> [Your objective] After finding the line with "[/\ color_edge S" in the data below, set down exactly each line through the one with "suff same w", inclusive, and stop there.

[Start of section]

Lemma strict_total_order_rank :
  exists2 f : T -> 'I_#|T|, bijective f & forall x y, (f x < f y) = prec x y.
Proof.
have ltn_rank x y : (rank x < rank y) = prec x y.
  apply/idP/idP; last exact: rank_mono.
  have [<-|/prec_total/orP[//|/rank_mono ryx rxy]] := eqVneq x y; first by rewrite ltnn.
  by move: (ltn_trans rxy ryx); rewrite ltnn.
exists (fun x => Ordinal (rank_lt_card x)) => //.
apply: inj_card_bij; last by rewrite card_ord.
move=> x y /(congr1 val) /= rxy; apply/eqP; apply: contraT => /prec_total.
by rewrite -!ltn_rank rxy ltnn.
Qed.

End StrictTotalOrders.

Definition transitive_along (T : Type) (r : T -> nat) (E : rel T) :=
  forall x y z, r x < r y -> r y < r z -> E x y = E y z -> E x z = E x y.

Section PermutationGraphs.

Variables (V : finType) (E : rel V) (l : V -> 'I_#|V|).
Hypothesis E_sym : symmetric E.

Lemma simple_perm_graph_of_transitive pi :
  simple_perm_graph_of E l pi -> transitive_along l E.
Proof.
move=> pg x y z lxy lyz Exy; set p := fun v => (pi^-1)%g (l v).
have pgE u v : l v < l u -> E u v = (p u < p v) by move=> h; apply/idP/idP => /(pg u v h).
have p_neq u v : l u < l v -> p u != p v.
  by move=> luv; apply: contraTneq luv => /perm_inj ->; rewrite ltnn.
have lxz := ltn_trans lxy lyz.
rewrite !(E_sym x) ![E y z]E_sym !pgE // in Exy *.
move: (p_neq _ _ lxy) (p_neq _ _ lyz) (p_neq _ _ lxz) Exy.
rewrite -!val_eqE; lia.
Qed.

Hypotheses (l_bij : bijective l) (E_tr : transitive_along l E).

Let l_neq u v : u != v -> (l u == l v :> nat) = false.
Proof. by move=> uv; apply: contraNF uv => /eqP/val_inj/(bij_inj l_bij) ->. Qed.

(* Non-edges point up and edges point down in [l]; [pi^-1] will rank [V] along [prec]. *)
Let prec u v := (u != v) && (if l u < l v then ~~ E u v else E u v).

Let prec_total u v : u != v -> prec u v || prec v u.
Proof.
move=> uv; rewrite /prec uv eq_sym uv E_sym /=.
by case: ltngtP (l_neq uv) => // _ _; case: (E v u).
Qed.

Let prec_asym u v : prec u v -> ~~ prec v u.
Proof.
rewrite /prec E_sym => /andP[uv]; have := l_neq uv.
by case: ltngtP => // _ _; case: (E v u); rewrite /= ?andbF.
Qed.

Let no_3cycle_from_min u v w : l u < l v -> l u < l w ->
  prec u v -> prec v w -> ~~ prec w u.
Proof.
move=> luv luw /andP[_]; rewrite /prec luv (ltnNge (l w)) (ltnW luw) /= => nEuv /andP[vw].
have := l_neq vw; case: ltngtP => // [lvw|lwv] _ Evw; apply/negP => /andP[_].
  by rewrite E_sym (E_tr luv lvw) (negbTE nEuv) // (negbTE Evw).
rewrite E_sym => Euw; move: (E_tr luw lwv).
by rewrite Euw (E_sym w v) Evw (negbTE nEuv) => /(_ erefl).
Qed.

Let no_3cycle u v w : prec u v -> prec v w -> ~~ prec w u.
Proof.
move=> puv pvw; apply/negP => pwu.
move: (l_neq (andP puv).1) (l_neq (andP pvw).1) (l_neq (andP pwu).1) => ne1 ne2 ne3.
have [[h1 h2]|[[h1 h2]|[h1 h2]]] :
    [/\ l u < l v & l u < l w] \/ [/\ l v < l w & l v < l u] \/ [/\ l w < l u & l w < l v].
  by lia.
- by move: (no_3cycle_from_min h1 h2 puv pvw); rewrite pwu.
- by move: (no_3cycle_from_min h1 h2 pvw pwu); rewrite puv.
- by move: (no_3cycle_from_min h1 h2 pwu puv); rewrite pvw.
Qed.

Lemma transitive_simple_perm_graph : exists pi, simple_perm_graph_of E l pi.
Proof.
have prec_irr : irreflexive prec by move=> u; rewrite /prec eqxx.
have prec_trans := tournament_transitive prec_total prec_asym no_3cycle.
have [q q_bij ltn_q] := strict_total_order_rank prec_total prec_irr prec_trans.
have [linv lK lKV] := l_bij.
have g_inj : injective (q \o linv).
  by move=> i j /= /(bij_inj q_bij) /(congr1 l); rewrite !lKV.
exists (perm g_inj)^-1%g => u v lvu.
have uv : u != v by apply: contraTneq lvu => ->; rewrite ltnn.
by rewrite invgK !permE /= !lK ltn_q /prec uv (ltnNge (l u)) (ltnW lvu).
Qed.

End PermutationGraphs.

Lemma no_rainbow_triangle (V : finType) (k : nat) (c : V -> V -> 'I_k) :
  ~ (exists x y z, rainbow_triangle c x y z) ->
  forall x y z, x != y -> y != z -> x != z ->
    [\/ c x y = c y z, c y z = c x z | c x y = c x z].
Proof.
move=> no_rainbow x y z xy yz xz.
have [|ne1] := eqVneq (c x y) (c y z); first by constructor 1.
have [|ne2] := eqVneq (c y z) (c x z); first by constructor 2.
have [|ne3] := eqVneq (c x y) (c x z); first by constructor 3.
by case: no_rainbow; exists x, y, z; split.
Qed.

Section RainbowFreeColorings.

Variables (V : finType) (k : nat) (c : V -> V -> 'I_k).
Hypothesis c_sym : forall u v, u != v -> c u v = c v u.

Implicit Types (S M : {set V}) (i j : 'I_k).

Lemma color_class_sym i : symmetric (color_class c i).
Proof.
move=> u v; rewrite /color_class; have [->//|uv] := eqVneq u v.
by rewrite (c_sym uv) eq_sym.
Qed.

Definition color_edge S i : rel V :=
  fun x y => [&& x \in S, y \in S & color_class c i x y].

Definition component S i x : {set V} := [set y | connect (color_edge S i) x y].

Definition module S M :=
  forall w x y, w \in S -> w \notin M -> x \in M -> y \in M -> c w x = c w y.

Definition used_colors S : {set 'I_k} :=
  [set i | [exists x, exists y, color_edge S i x y]].

Definition spanning_connected S i :=
  forall x y z, color_edge S i x y -> z \in S -> connect (color_edge S i) x z.

Definition transitive_ranking S (r : V -> nat) :=
  {in S &, injective r} /\
  forall x y z, x \in S -> y \in S -> z \in S ->
    r x < r y -> r y < r z -> c x y = c y z -> c x z = c x y.

Lemma color_edgeP S i x y :
  reflect [/\ x \in S, y \in S, x != y & c x y = i] (color_edge S i x y).
Proof.
apply: (iffP and3P) => [[-> -> /andP[-> /eqP ->]]|[-> -> xy cxy]] //.
by rewrite /color_class xy cxy eqxx.
Qed.

Lemma color_edge_sym S i : symmetric (color_edge S i).
Proof. by move=> x y; rewrite /color_edge color_class_sym andbCA. Qed.

Lemma connect_color_edge_sym S i : connect_sym (color_edge S i).
Proof. exact/sym_connect_sym/color_edge_sym. Qed.

Lemma connect_color_edge_in S i x y :
  x \in S -> connect (color_edge S i) x y -> y \in S.
Proof.
by move=> xS; apply: (connect_ind (P := fun y => y \in S)) => // a b _ _ /and3P[].
Qed.

Lemma used_colorP S i :
  reflect (exists x y, color_edge S i x y) (i \in used_colors S).
Proof.
rewrite inE; apply: (iffP existsP) => [[x /existsP[y exy]]|[x [y exy]]].
  by exists x, y.
by exists x; apply/existsP; exists y.
Qed.

Lemma spanning_connected_connect S i :
  spanning_connected S i -> i \in used_colors S ->
  {in S &, forall y z, connect (color_edge S i) y z}.
Proof.
move=> sc /used_colorP[x [x' exx']] y z yS zS.
by apply: connect_trans (sc _ _ _ exx' zS); rewrite connect_color_edge_sym (sc _ _ _ exx').
Qed.

Lemma color_neighbor S i v :
  spanning_connected S i -> i \in used_colors S -> v \in S ->
  exists u, color_edge S i v u.
Proof.
move=> sc ui vS; have /used_colorP[x [y exy]] := ui.
have /color_edgeP[xS _ _ _] := exy.
have /existsP[u evu] : [exists u, color_edge S i v u].
  move: (spanning_connected_connect sc ui xS vS).
  apply: (connect_ind (P := fun a => [exists u, color_edge S i a u])).
    by apply/existsP; exists y.
  by move=> a b _ _ eab; apply/existsP; exists a; rewrite color_edge_sym.
by exists u.
Qed.

Lemma spanning_connectedVsplit S :
  (forall i, spanning_connected S i) \/
  exists i x y z,
    [/\ color_edge S i x y, z \in S & ~~ connect (color_edge S i) x z].
Proof.
pose split i x y z := [&& color_edge S i x y, z \in S & ~~ connect (color_edge S i) x z].
have [/existsP[i /existsP[x /existsP[y /existsP[z /and3P[exy zS nxz]]]]]|none] :=
  boolP [exists i, exists x, exists y, exists z, split i x y z].
  by right; exists i, x, y, z.
left=> i x y z exy zS; apply: contraNT none => nxz.
by apply/existsP; exists i; apply/existsP; exists x; apply/existsP; exists y;
  apply/existsP; exists z; apply/and3P.
Qed.

Hypothesis rainbow_free : forall x y z, x != y -> y != z -> x != z ->
  [\/ c x y = c y z, c y z = c x z | c x y = c x z].

Lemma component_module S i x : module S (component S i x).
Proof.
set e := color_edge S i.
suff same w y : w \in S -> ~~ connect e x w -> connect e x y -> c w y = c w x.
  by move=> w y z wS; rewrite !inE => nxw xy xz; rewrite !(same w).
move=> wS nxw xy; apply/eqP; move: y xy.
apply: (connect_ind (P := fun y => c w y == c w x)) => // a b xa /eqP cwa eab.
have off u : connect e x u -> u \in S -> w != u /\ c w u != i.
  move=> xu uS; have wu : w != u by apply: contraNneq nxw => ->.
  split=> //; apply: contraNneq nxw => cwu; apply: connect_trans xu (connect1 _).
  by apply/color_edgeP; rewrite eq_sym -(c_sym wu).
have /color_edgeP[aS bS ab cab] := eab.
have [wa cwai] := off a xa aS.
have [wb cwbi] := off b (connect_trans xa (connect1 eab)) bS.
case: (rainbow_free wa ab wb) => [h|h|h].
- by rewrite h cab eqxx in cwai.
- by rewrite -h cab eqxx in cwbi.
- by rewrite -h cwa.
Qed.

[End of section]

> [Expected answer]
    [/\ color_edge S i x y, z \in S & ~~ connect (color_edge S i) x z].
Proof.
pose split i x y z := [&& color_edge S i x y, z \in S & ~~ connect (color_edge S i) x z].
have [/existsP[i /existsP[x /existsP[y /existsP[z /and3P[exy zS nxz]]]]]|none] :=
  boolP [exists i, exists x, exists y, exists z, split i x y z].
  by right; exists i, x, y, z.
left=> i x y z exy zS; apply: contraNT none => nxz.
by apply/existsP; exists i; apply/existsP; exists x; apply/existsP; exists y;
  apply/existsP; exists z; apply/and3P.
Qed.

Hypothesis rainbow_free : forall x y z, x != y -> y != z -> x != z ->
  [\/ c x y = c y z, c y z = c x z | c x y = c x z].

Lemma component_module S i x : module S (component S i x).
Proof.
set e := color_edge S i.
suff same w y : w \in S -> ~~ connect e x w -> connect e x y -> c w y = c w x.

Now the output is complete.